SUBMISSION GUIDELINES
Please follow the style sheet and templates (for LaTeX, Overleaf and MS-Word) provided for the main conference at https://lrec2026.info/authors-kit/
Papers should be submitted as a PDF file using the START conference manager at https://softconf.com/lrec2026/BUCC2026/
Submissions must describe original and unpublished work and range from 4 to 8 pages plus unlimited references. Reviewing will be double blind, so the papers should not reveal the authors' identity.
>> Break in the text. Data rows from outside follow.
(* There is an absolute constant $c>0$ such that for all integers $m\ge 2$ and $d\ge 1$, every Steiner $2$-TC-spanner of the directed hypergrid $\mathcal{H}_{m,d}$ has at least $c\cdot \dfrac{m^d(\ln m-1)^d}{(4\pi)^d}$ edges, i.e. the number of edges is $\Omega\big(m^d(\ln m-1)^d/(4\pi)^d\big)$.
   Context: For a positive integer $m$, $[m]=\{1,\dots,m\}$. The directed hypergrid $\mathcal{H}_{m,d}$ has vertex set $[m]^d$ and an edge $(x,y)$ whenever there is a unique $i\in[d]$ with $y_i-x_i=1$ and $y_j=x_j$ for all $j\ne i$; its reachability order is the dominance order ($x\preceq y$ iff $x_i\le y_i$ for all $i$). For a directed graph $G=(V,E)$ and integer $k\ge1$, a Steiner $k$-TC-spanner of $G$ is a directed graph $H=(V_H,E_H)$ with $V\subseteq V_H$ such that for all $u,v\in V$: if $v$ is reachable from $u$ in $G$ then $H$ contains a directed path from $u$ to $v$ of length at most $k$, and if $v$ is not reachable from $u$ in $G$ then $v$ is not reachable from $u$ in $H$. Vertices of $V_H\setminus V$ are Steiner vertices. $\ln$ is the natural logarithm. *)

From mathcomp Require Import all_boot.
From Stdlib Require Import Reals.
Set Implicit Arguments. Unset Strict Implicit. Unset Printing Implicit Defensive.

(* Vertices of the hypergrid H_{m,d}: functions [d] -> [m], 0-indexed
   ('I_d -> 'I_m), i.e. [m]^d shifted by one in each coordinate. *)
Definition grid (m d : nat) : finType := {ffun 'I_d -> 'I_m}.

(* Edge (x,y) of H_{m,d}: a unique coordinate i with y_i - x_i = 1,
   all other coordinates equal (uniqueness is automatic). *)
Definition grid_edge (m d : nat) : rel (grid m d) :=
  fun x y => [exists i : 'I_d, (nat_of_ord (y i) == (x i).+1) &&
                               [forall j : 'I_d, (j != i) ==> (y j == x j)]].

Definition grid_reach (m d : nat) (x y : grid m d) : bool :=
  connect (@grid_edge m d) x y.

(* A directed graph H on vertex type T (an eqType; Steiner vertices allowed)
   given by its (finite, duplicate-free) list of edges Es. *)
Definition edge_rel (T : eqType) (Es : seq (T * T)) : rel T :=
  fun a b => (a, b) \in Es.

(* a directed path in H from a to b of length (= number of edges) size p *)
Definition hpath (T : eqType) (Es : seq (T * T)) (a b : T) (p : seq T) : bool :=
  path (edge_rel Es) a p && (last a p == b).

Definition h_reach (T : eqType) (Es : seq (T * T)) (a b : T) : Prop :=
  exists p : seq T, hpath Es a b p.

(* H (with V embedded into V_H by the injection f) is a Steiner k-TC-spanner of H_{m,d} *)
Definition steiner_tc_spanner (k m d : nat) (T : eqType) (f : grid m d -> T)
    (Es : seq (T * T)) : Prop :=
  injective f /\
  (forall u v : grid m d,
     (grid_reach u v -> exists p : seq T, size p <= k /\ hpath Es (f u) (f v) p) /\
     (~~ grid_reach u v -> ~ h_reach Es (f u) (f v))).

(* Weight each comparable pair x <= y of the hypergrid by
   w(x, y) = prod_i 1 / (y_i - x_i + 1).  The total weight factorises over the
   coordinates into (H_1 + ... + H_m)^d, H_k the harmonic numbers, and
   H_1 + ... + H_m is at least both m (ln m - 1) and 5m/4.

   In a Steiner 2-TC-spanner every pair x < y is either an edge or passes through
   a middle vertex w, and the grid vertices entering w and leaving w form a
   biclique of comparable pairs.  Pick t between the two sides and balance w(a, b)
   against prod_i sqrt(t_i - a_i + 1) and prod_i sqrt(b_i - t_i + 1): by
   1 <= r + 1/r and the one-dimensional estimate
   sum_j 1 / ((u + j) sqrt(j + 1)) <= 4 / sqrt u, the biclique weighs at most
   4^d (|in(w)| + |out(w)|).  Each edge is counted at most twice over all w, so
   (H_1 + ... + H_m)^d <= m^d + (1 + 2 4^d) |E|, whence
   |E| >= (m (ln m - 1))^d / (15 4^d); the factor pi^d of the statement is slack. *)

From Stdlib Require Import Reals.
From mathcomp Require Import all_boot all_order all_algebra.
From mathcomp Require Import ring lra zify.
From mathcomp Require Import Rstruct.
Set Implicit Arguments. Unset Strict Implicit. Unset Printing Implicit Defensive.
Import Order.TTheory GRing.Theory Num.Theory.

(** * The dominance order on the grid *)

Definition grid_le m d (x y : grid m d) : bool := [forall i, x i <= y i].

Section GridOrder.
Variables m d : nat.
Implicit Types x y : grid m d.

Lemma grid_edge_le x y : grid_edge x y -> grid_le x y.
Proof.
move=> /existsP [i /andP [/eqP yi /forallP yj]]; apply/forallP => j.
have [->|ne_ji] := eqVneq j i; first by rewrite yi.
by move: (yj j); rewrite ne_ji => /eqP ->.
Qed.

Lemma grid_le_trans y x z : grid_le x y -> grid_le y z -> grid_le x z.
Proof.
move=> /forallP le_xy /forallP le_yz; apply/forallP => i.
exact: leq_trans (le_xy i) (le_yz i).
Qed.

Lemma grid_reach_le x y : grid_reach x y -> grid_le x y.
Proof.
move=> /connectP [p]; elim: p x => [|z p IHp] x /=.
  by move=> _ ->; apply/forallP.
move=> /andP [/grid_edge_le le_xz p_z] y_last.
exact: grid_le_trans le_xz (IHp z p_z y_last).
Qed.

Lemma grid_le_reach x y : grid_le x y -> grid_reach x y.
Proof.
have [n] := ubnP (\sum_i (y i - x i)); elim: n x => // n IHn x lt_n le_xy.
have [/existsP [i lt_i] | ] := boolP [exists i, x i < y i]; last first.
  rewrite negb_exists => /forallP ge_xy.
  suff -> : x = y by apply: connect0.
  apply/ffunP => i; apply/val_inj/eqP.
  by rewrite eqn_leq (forallP le_xy i) leqNgt ge_xy.
have lt_im : (x i).+1 < m by apply: leq_ltn_trans lt_i (ltn_ord (y i)).
pose x' : grid m d := [ffun j => if j == i then Ordinal lt_im else x j].
have edge_xx' : grid_edge x x'.
  apply/existsP; exists i; rewrite /x' ffunE eqxx eqxx /=.
  by apply/forallP => j; apply/implyP => ne_ji; rewrite ffunE (negbTE ne_ji).
have lt_sum : \sum_j (y j - x' j) < \sum_j (y j - x j).
  rewrite [X in _ < X](bigD1 i) // [X in X < _](bigD1 i) //= {1}/x' ffunE eqxx /=.
  rewrite -addSn subnSK // leq_add2l; apply/eq_leq/eq_bigr => j ne_ji.
  by rewrite ffunE (negbTE ne_ji).
apply: connect_trans (connect1 edge_xx') (IHn _ _ _); first lia.
apply/forallP => j; rewrite /x' ffunE; case: eqVneq => [-> //|_].
exact: (forallP le_xy j).
Qed.

Lemma grid_reachE x y : grid_reach x y = grid_le x y.
Proof. by apply/idP/idP; [apply: grid_reach_le | apply: grid_le_reach]. Qed.

End GridOrder.

Local Open Scope ring_scope.

(** * One-dimensional sums *)

Section SqrtSums.
Variable R : rcfType.

Definition nsqrt (n : nat) : R := Num.sqrt n%:R.

Lemma nsqrt_ge0 n : 0 <= nsqrt n. Proof. exact: sqrtr_ge0. Qed.

Lemma nsqrt_gt0 n : (0 < n)%N -> 0 < nsqrt n.
Proof. by move=> n_gt0; rewrite /nsqrt sqrtr_gt0 ltr0n. Qed.

Lemma sqr_nsqrt n : nsqrt n ^+ 2 = n%:R.
Proof. by rewrite /nsqrt sqr_sqrtr // ler0n. Qed.

Lemma nsqrt0 : nsqrt 0 = 0. Proof. by rewrite /nsqrt sqrtr0. Qed.

Lemma inv_nsqrtS_le n : (nsqrt n.+1)^-1 <= 2 * (nsqrt n.+1 - nsqrt n).
Proof.
set a := nsqrt n; set b := nsqrt n.+1.
have a_ge0 : 0 <= a := nsqrt_ge0 n; have b_gt0 : 0 < b := nsqrt_gt0 (ltn0Sn n).
have sqrS : b ^+ 2 = a ^+ 2 + 1 by rewrite !sqr_nsqrt -natr1.
have -> : 2 * (b - a) = b^-1 + (2 * b * (b - a) - 1) / b.
  by field; apply/lt0r_neq0.
(* [2 b (b - a) - 1 = (b - a)^2] since [b^2 = a^2 + 1] *)
by rewrite lerDl divr_ge0 ?ltW //; nra.
Qed.

Lemma inv_nsqrtS_cube_le n : (0 < n)%N ->
  (nsqrt n.+1 ^+ 3)^-1 <= 2 * ((nsqrt n)^-1 - (nsqrt n.+1)^-1).
Proof.
move=> n_gt0; set a := nsqrt n; set b := nsqrt n.+1.
have a_gt0 : 0 < a := nsqrt_gt0 n_gt0; have b_gt0 : 0 < b := nsqrt_gt0 (ltn0Sn n).
have sqrS : b ^+ 2 = a ^+ 2 + 1 by rewrite !sqr_nsqrt -natr1.
have lt_ab : a < b by nra.
have -> : 2 * (a^-1 - b^-1) = (b ^+ 3)^-1 + (2 * b ^+ 2 * (b - a) - a) / (a * b ^+ 3).
  by field; apply/andP; split; apply/lt0r_neq0.
rewrite lerDl divr_ge0 // ?mulr_ge0 ?exprn_ge0 ?ltW //.
have : 0 <= (b - a) * (b * (b - a) + 1) by apply: mulr_ge0; nra.
nra.
Qed.

Lemma sum_inv_nsqrt_le n : \sum_(0 <= j < n) (nsqrt j.+1)^-1 <= 2 * nsqrt n.
Proof.
have le_tel := ler_sum_nat (fun j (_ : (0 <= j < n)%N) => inv_nsqrtS_le j).
apply: le_trans le_tel _.
by rewrite -mulr_sumr telescope_sumr // nsqrt0 subr0.
Qed.

Lemma sum_inv_nsqrt_cube_le u n : (0 < u)%N ->
  \sum_(u <= j < n) (nsqrt j.+1 ^+ 3)^-1 <= 2 / nsqrt u.
Proof.
move=> u_gt0; have su_gt0 := nsqrt_gt0 u_gt0.
have [le_un | lt_nu] := leqP u n; last first.
  rewrite big_geq; last exact: ltnW.
  by rewrite divr_ge0 // ltW.
have le_tel := ler_sum_nat (fun j (uj : (u <= j < n)%N) =>
  inv_nsqrtS_cube_le (leq_trans u_gt0 (proj1 (andP uj)))).
apply: le_trans le_tel _.
rewrite -mulr_sumr (telescope_sumr_eq (fun j => - (nsqrt j)^-1) _ le_un); last first.
  by move=> j _; rewrite opprK addrC.
rewrite opprK ler_pM2l // gerDr oppr_le0 invr_ge0; exact: nsqrt_ge0.
Qed.
Lemma RInt_halfline_nonneg a b : 0 < a <= b -> 0 <= RInt f a b.
Proof.
  intros Hab; apply RInt_ge_0; [lra|apply ex_RInt_halfline; lra|].
  intros t Ht; apply f_nonneg; lra.
Qed.

Lemma filterlim_RInt_at_right_0 A : (forall e, 0 < e <= 1 -> RInt f e 1 <= A) ->
  exists LA, filterlim (fun e => RInt f e 1) (at_right 0) (locally LA) /\ 0 <= LA.
Proof.
  intros HA.
  destruct (filterlim_monotone_bounded (at_right 0) (fun e => 0 < e <= 1)
              (fun e => RInt f e 1) A 1) as [LA [HLA Hup]]; [lra|exact HA| |].
  - intros e0 He0; exists (mkposreal e0 (proj1 He0)); intros e He Hpos.
    change (Rabs (e - 0) < e0) in He; rewrite Rminus_0_r, Rabs_pos_eq in He by lra.
    split; [lra|].
    rewrite <- (RInt_halfline_Chasles e e0 1) by lra.
    pose proof (RInt_halfline_nonneg e e0 ltac:(lra)); lra.
  - exists LA; split; [exact HLA|].
    pose proof (Hup 1 ltac:(lra)) as H1; rewrite RInt_point in H1; exact H1.
Qed.

Lemma filterlim_RInt_pinfty B : (forall M, 1 <= M -> RInt f 1 M <= B) ->
  exists LB, filterlim (fun M => RInt f 1 M) (Rbar_locally p_infty) (locally LB)
             /\ forall M, 1 <= M -> RInt f 1 M <= LB.
Proof.
  intros HB.
  apply (filterlim_monotone_bounded (Rbar_locally p_infty) (fun M => 1 <= M)
           (fun M => RInt f 1 M) B 1); [lra|exact HB|].
  intros M0 HM0; exists M0; intros M HM; split; [lra|].
  rewrite <- (RInt_halfline_Chasles 1 M0 M) by lra.
  pose proof (RInt_halfline_nonneg M0 M ltac:(lra)); lra.
Qed.
Lemma solution_domain_bounded (u du d2u : R -> R) : ~ is_solution p_infty u du d2u.
Proof.
  intros Hsol. pose proof inv_sqrt3_bounds.
  pose proof Hsol as [[_ [Hdu _]] [Hode _]].
  destruct (MVT_dom p_infty du d2u 3 9 Hdu ltac:(lra) ltac:(lra) I) as [c [Hc Hmvt]].
  destruct (solution_invariant p_infty u du d2u I Hsol c ltac:(lra) I) as [_ [Hp [Hps _]]].
  pose proof (ode_star_d2u_ge c (du c) (d2u c) ltac:(lra) (conj Hp Hps)
    (Hode c (in_dom_le p_infty c 9 ltac:(lra) I))) as Hq.
  destruct (solution_invariant p_infty u du d2u I Hsol 9 ltac:(lra) I) as [_ [_ [H9 _]]].
  destruct (solution_invariant p_infty u du d2u I Hsol 3 ltac:(lra) I) as [_ [H3 _]].
  nra.
Qed.

(** * Continuing a solution whose slope stays below 1/sqrt 3 *)

Section Extension.

Variables (a L : R) (u du d2u : R -> R).
Hypotheses (Ha : 0 < a) (Hsol : is_solution (Finite a) u du d2u)
  (HInv : forall r, 0 < r < a -> slope_invariant du d2u r)
  (HL : forall r, 0 < r < a -> du r <= L) (HLs : L < inv_sqrt3).

Section Picard_step.

Variables (b M K d : R).
Hypotheses (Hb : 0 <= b < inv_sqrt3) (HM : 0 <= M) (HK : 0 <= K)
  (HGb : forall r p, Rabs (clamped_rhs a b r p) <= M)
  (HGl : forall r p1 p2,
     Rabs (clamped_rhs a b r p1 - clamped_rhs a b r p2) <= K * Rabs (p1 - p2))
  (HGc : forall y : R -> R, (forall s, continuous y s) ->
     forall s, continuous (fun s => clamped_rhs a b s (y s)) s)
  (Hd : 0 < d) (Hda : d <= a / 2) (HKd : K * d <= 1 / 2) (HMd : M * d <= 1 / 2)
  (HMdL : M * d <= b - L).

Let G := clamped_rhs a b.
(* Start slightly before a, so that the Picard interval [x0, x0 + d] reaches beyond a. *)
Let x0 := a - d / 4.
Let P := picard_limit G x0 (du x0) d.

Lemma extension_picard_continuous s : continuous P s.
Proof. apply (lipschitz_continuous _ M HM), (picard_limit_lipschitz G K M); auto. Qed.

Lemma extension_picard_fixpoint r : x0 <= r <= x0 + d ->
  P r = du x0 + RInt (fun s => G s (P s)) x0 r.
Proof. apply (picard_limit_fixpoint G K M); auto. Qed.

Lemma extension_picard_box r : x0 <= r <= x0 + d -> -1 / 2 <= P r <= b.
Proof.
  intros Hr. rewrite extension_picard_fixpoint by exact Hr.
  assert (HA : Rabs (RInt (fun s => G s (P s)) x0 r) <= (r - x0) * M).
  { apply abs_RInt_le_const; [lra| |intros; apply HGb].
    apply ex_RInt_continuous_on; [lra|]. intros; apply HGc, extension_picard_continuous. }
  destruct (HInv x0 ltac:(unfold x0; lra)) as [_ [Hp0 _]]. pose proof (HL x0 ltac:(unfold x0; lra)).
  assert ((r - x0) * M <= M * d) by nra.
  revert HA. unfold Rabs. destruct Rcase_abs; intros; lra.
Qed.

Lemma extension_rhs_eq r p : a / 2 <= r <= 2 * a -> -1 / 2 <= p <= b -> G r p = ode_rhs r p.
Proof. intros Hr Hp. unfold G, clamped_rhs. rewrite !clamp_id; auto. Qed.

Lemma extension_picard_solves r : x0 < r < x0 + d ->
  is_derive P r (G r (P r)) /\ ode_star r (P r) (G r (P r)).
Proof.
  intros Hr. pose proof (extension_picard_box r ltac:(lra)) as Hbox. split.
  - apply (is_derive_ext_loc (fun t => du x0 + RInt (fun s => G s (P s)) x0 t)).
    + generalize (filter_and _ _ (open_gt x0 r (proj1 Hr)) (open_lt (x0 + d) r (proj2 Hr))).
      apply filter_imp. intros t Ht. symmetry. apply extension_picard_fixpoint. lra.
    + apply (is_derive_RInt_upper (fun s => G s (P s))), HGc, extension_picard_continuous.
  - rewrite extension_rhs_eq by (unfold x0 in *; lra). apply ode_star_rhs; [unfold x0 in *; lra|].
    pose proof (coef_denominator_neg b (P r) ltac:(lra) Hbox). lra.
Qed.

Lemma extension_d2u_eq s : x0 <= s < a -> d2u s = G s (du s).
Proof.
  intros Hs. assert (HLb : L <= b) by nra.
  destruct (HInv s ltac:(unfold x0 in *; lra)) as [_ [Hp _]].
  pose proof (HL s ltac:(unfold x0 in *; lra)).
  rewrite extension_rhs_eq by (unfold x0 in *; lra).
  apply ode_star_eq_rhs; [unfold x0 in *; lra | |].
  - pose proof (coef_denominator_neg b (du s) ltac:(lra) ltac:(lra)). lra.
  - apply (proj1 (proj2 Hsol)). split; simpl; unfold x0 in *; lra.
Qed.

Lemma extension_du_eq_picard r : x0 <= r < a -> du r = P r.
Proof.
  destruct Hsol as [[Hd1 [Hd2 Hc]] _].
  apply (integral_equation_unique G K M x0 (du x0) d); auto; [unfold x0; lra | |].
  - intros t Ht.
    assert (Hex : ex_RInt d2u x0 t).
    { apply ex_RInt_continuous_on; [lra|]. intros s Hs.
      apply (continuous_dom_interior (Finite a)); auto; simpl; unfold x0 in *; lra. }
    assert (Heq : forall s, Rmin x0 t < s < Rmax x0 t -> d2u s = G s (du s)).
    { intros s Hs. rewrite Rmin_left, Rmax_right in Hs by lra. apply extension_d2u_eq. lra. }
    split; [apply (ex_RInt_ext _ _ _ _ Heq Hex)|]. rewrite <- (RInt_ext _ _ _ _ Heq).
    apply RInt_of_derive; [lra | |].
    + intros s Hs. apply (is_derive_dom_interior (Finite a)); auto; simpl; unfold x0 in *; lra.
    + intros s Hs. apply (continuous_dom_interior (Finite a)); auto; simpl; unfold x0 in *; lra.
  - intros t Ht. split; [|apply extension_picard_fixpoint; unfold x0 in *; lra].
    apply ex_RInt_continuous_on; [lra|]. intros; apply HGc, extension_picard_continuous.
Qed.

End Picard_step.

Lemma solution_extension : exists Rm' v dv d2v, Rbar_lt (Finite a) Rm' /\
  is_solution Rm' v dv d2v /\ forall r, in_dom (Finite a) r -> v r = u r.
Proof.
  pose proof inv_sqrt3_bounds.
  assert (HL0 : 0 <= L)
    by (destruct (HInv (a / 2) ltac:(lra)) as [_ [Hp _]]; pose proof (HL (a / 2) ltac:(lra)); lra).
  set (b := (L + inv_sqrt3) / 2).
  destruct (clamped_rhs_bounded_lipschitz a b Ha ltac:(unfold b; lra))
    as [M [K [HM [HK [HGb [HGl HGc]]]]]].
  destruct (exists_small_step M K (Rmin (a / 2) (Rmin (1 / 2) (b - L))) HM HK
    ltac:(repeat apply Rmin_pos; unfold b; lra)) as [d [Hd [Hdc [HKd HMd]]]].
  pose proof (Rmin_l (a / 2) (Rmin (1 / 2) (b - L))). pose proof (Rmin_r (a / 2) (Rmin (1 / 2) (b - L))).
  pose proof (Rmin_l (1 / 2) (b - L)). pose proof (Rmin_r (1 / 2) (b - L)).
  assert (Hb : 0 <= b < inv_sqrt3) by (unfold b; lra).
  assert (Hda : d <= a / 2) by lra. assert (HMd' : M * d <= 1 / 2) by lra.
  assert (HMdL : M * d <= b - L) by lra.
  pose proof (extension_picard_continuous b M K d HM HK HGb HGl HGc Hd HKd) as HPc.
  pose proof (extension_picard_solves b M K d Hb HM HK HGb HGl HGc Hd Hda HKd HMd' HMdL) as HPsol.
  pose proof (extension_du_eq_picard b M K d Hb HM HK HGb HGl HGc Hd Hda HKd HMdL) as HduP.
  pose proof (extension_d2u_eq b M d Hb HM Hd Hda HMdL) as Hd2u.
  set (x0 := a - d / 4) in *. set (P := picard_limit (clamped_rhs a b) x0 (du x0) d) in *.
  destruct (is_solution_glue a (a + d / 2) x0 u du d2u (fun r => u x0 + RInt P x0 r) P
    (fun r => clamped_rhs a b r (P r))) as [v [dv [d2v [Hv Hvu]]]];
    [unfold x0; lra | lra | exact Hsol | | |].
  - intros r Hr. destruct (HPsol r ltac:(unfold x0 in *; lra)) as [HPd HPo].
    split; [apply (is_derive_RInt_upper P (u x0) x0 r HPc)|].
    split; [exact HPd|]. split; [apply HGc, HPc | exact HPo].
  - intros r Hr. rewrite <- HduP, <- Hd2u by lra. repeat split.
    destruct Hsol as [[Hd1 [_ Hc]] _].
    rewrite (RInt_of_derive u du x0 r); [|lra | |].
    + f_equal. apply RInt_ext. intros s Hs. rewrite Rmin_left, Rmax_right in Hs by lra.
      symmetry. apply HduP. lra.
    + intros s Hs. apply (is_derive_dom_interior (Finite a)); auto; simpl; unfold x0 in *; lra.
    + intros s Hs. apply (ex_derive_continuous (K := R_AbsRing) (V := R_NormedModule)).
      exists (d2u s). apply (is_derive_dom_interior (Finite a)); [apply Hsol | | ];
        simpl; unfold x0 in *; lra.
  - exists (Finite (a + d / 2)), v, dv, d2v. split; [simpl; lra | auto].
Qed.

End Extension.

Theorem theorem2 (Rm : Rbar) (u du d2u : R -> R) :
  Rbar_lt 0 Rm ->
  is_maximal_solution Rm u du d2u ->
  (exists rM : R, Rm = Finite rM /\ 0 < rM) /\
  filterlim du (at_left (real Rm)) (locally (1 / sqrt 3)).
Proof.
  intros Hm [Hsol Hmax].
  assert (Hfin : exists a, Rm = Finite a /\ 0 < a).
  { destruct Rm as [a| |]; simpl in Hm; try contradiction; [eauto|].
    exfalso. exact (solution_domain_bounded u du d2u Hsol). }
  split; [exact Hfin|]. destruct Hfin as [a [-> Ha]]. simpl.
  assert (HInv : forall r, 0 < r < a -> slope_invariant du d2u r)
    by (intros r Hr; apply (solution_invariant (Finite a) u); simpl; auto; lra).
  destruct (nondecreasing_cvg_at_left du 0 a inv_sqrt3 Ha
    (fun x y Hx Hxy Hy => solution_du_nondecreasing (Finite a) u du d2u Hm Hsol x y Hx Hxy Hy)
    (fun r Hr => Rlt_le _ _ (proj1 (proj2 (proj2 (HInv r Hr))))))
    as [l [Hls [Hle Hlim]]].
  change (1 / sqrt 3) with inv_sqrt3.
  destruct (Rle_lt_or_eq_dec _ _ Hls) as [Hlt|<-]; [exfalso | exact Hlim].
  destruct (solution_extension a l u du d2u Ha Hsol HInv Hle Hlt) as [Rm' [v [dv [d2v [H1 [H2 H3]]]]]].
  exact (Hmax Rm' v dv d2v H1 H2 H3).
Qed.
Accepted papers will be published in the workshop proceedings.
Double submission policy: Parallel submission to other meetings or publications is possible but must be notified to the workshop organizers by e-mail immediately upon submission to another venue.
For further information and updates, please see the BUCC 2026 web page at https://comparable.lisn.upsaclay.fr/bucc2026/.
WORKSHOP ORGANIZERS
- Reinhard Rapp (University of Mainz, Germany) - Ayla Rigouts Terryn (Université de Montréal, Mila, Canada) - Serge Sharoff (University of Leeds, United Kingdom) - Pierre Zweigenbaum (Université Paris-Saclay, CNRS, France)
Contact: reinhardrapp (at) gmx (dot) de
PROGRAMME COMMITTEE
- Ebrahim Ansari (Institute for Advanced Studies in Basic Sciences, Iran) - Eleftherios Avramidis (DFKI, Germany) - Gabriel Bernier-Colborne (National Research Council, Canada) - Kenneth Church (VecML.com, USA) - Patrick Drouin (Université de Montréal, Canada) - Alex Fraser (Technical University of Munich, Germany) - Natalia Grabar (CNRS, University of Lille, France) - Amal Haddad Haddad (Universidad de Granada, Spain) - Kyo Kageura (University of Tokyo, Japan) - Natalie Kübler (Université Paris Cité, France) - Philippe Langlais (Université de Montréal, Canada) - Yves Lepage (Waseda University, Japan) - Shervin Malmasi (Amazon, USA) - Michael Mohler (Language Computer Corporation, USA) - Emmanuel Morin (Nantes Université, France) - Dragos Stefan Munteanu (RWS, USA) - Preslav Nakov (Mohamed bin Zayed University of AI, United Arab Emirates) - Ted Pedersen (University of Minnesota, Duluth, USA) - Reinhard Rapp (University of Mainz, Germany) - Ayla Rigouts Terryn (Université de Montréal & Mila, Canada) - Nasredine Semmar (CEA LIST, Paris, France) - Serge Sharoff (University of Leeds, UK) - Richard Sproat (Sakana.ai, Tokyo, Japan) - Marko Tadić (University of Zagreb, Croatia) - François Yvon (CNRS & Sorbonne Université, France) - Pierre Zweigenbaum (Université Paris-Saclay, CNRS, France)
INFORMATION ABOUT THE LRE 2026 MAP AND THE "SHARE YOUR LRs!" INITIATIVE
When submitting a paper from the START page, authors will be asked to provide essential information about resources (in a broad sense, i.e. also technologies, standards, evaluation kits, etc.) that have been used for the work described in the paper or are a new result of the research. Moreover, ELRA encourages all LREC authors to share the described LRs (data, tools, services, etc.) to enable their reuse and replicability of experiments (including evaluation ones).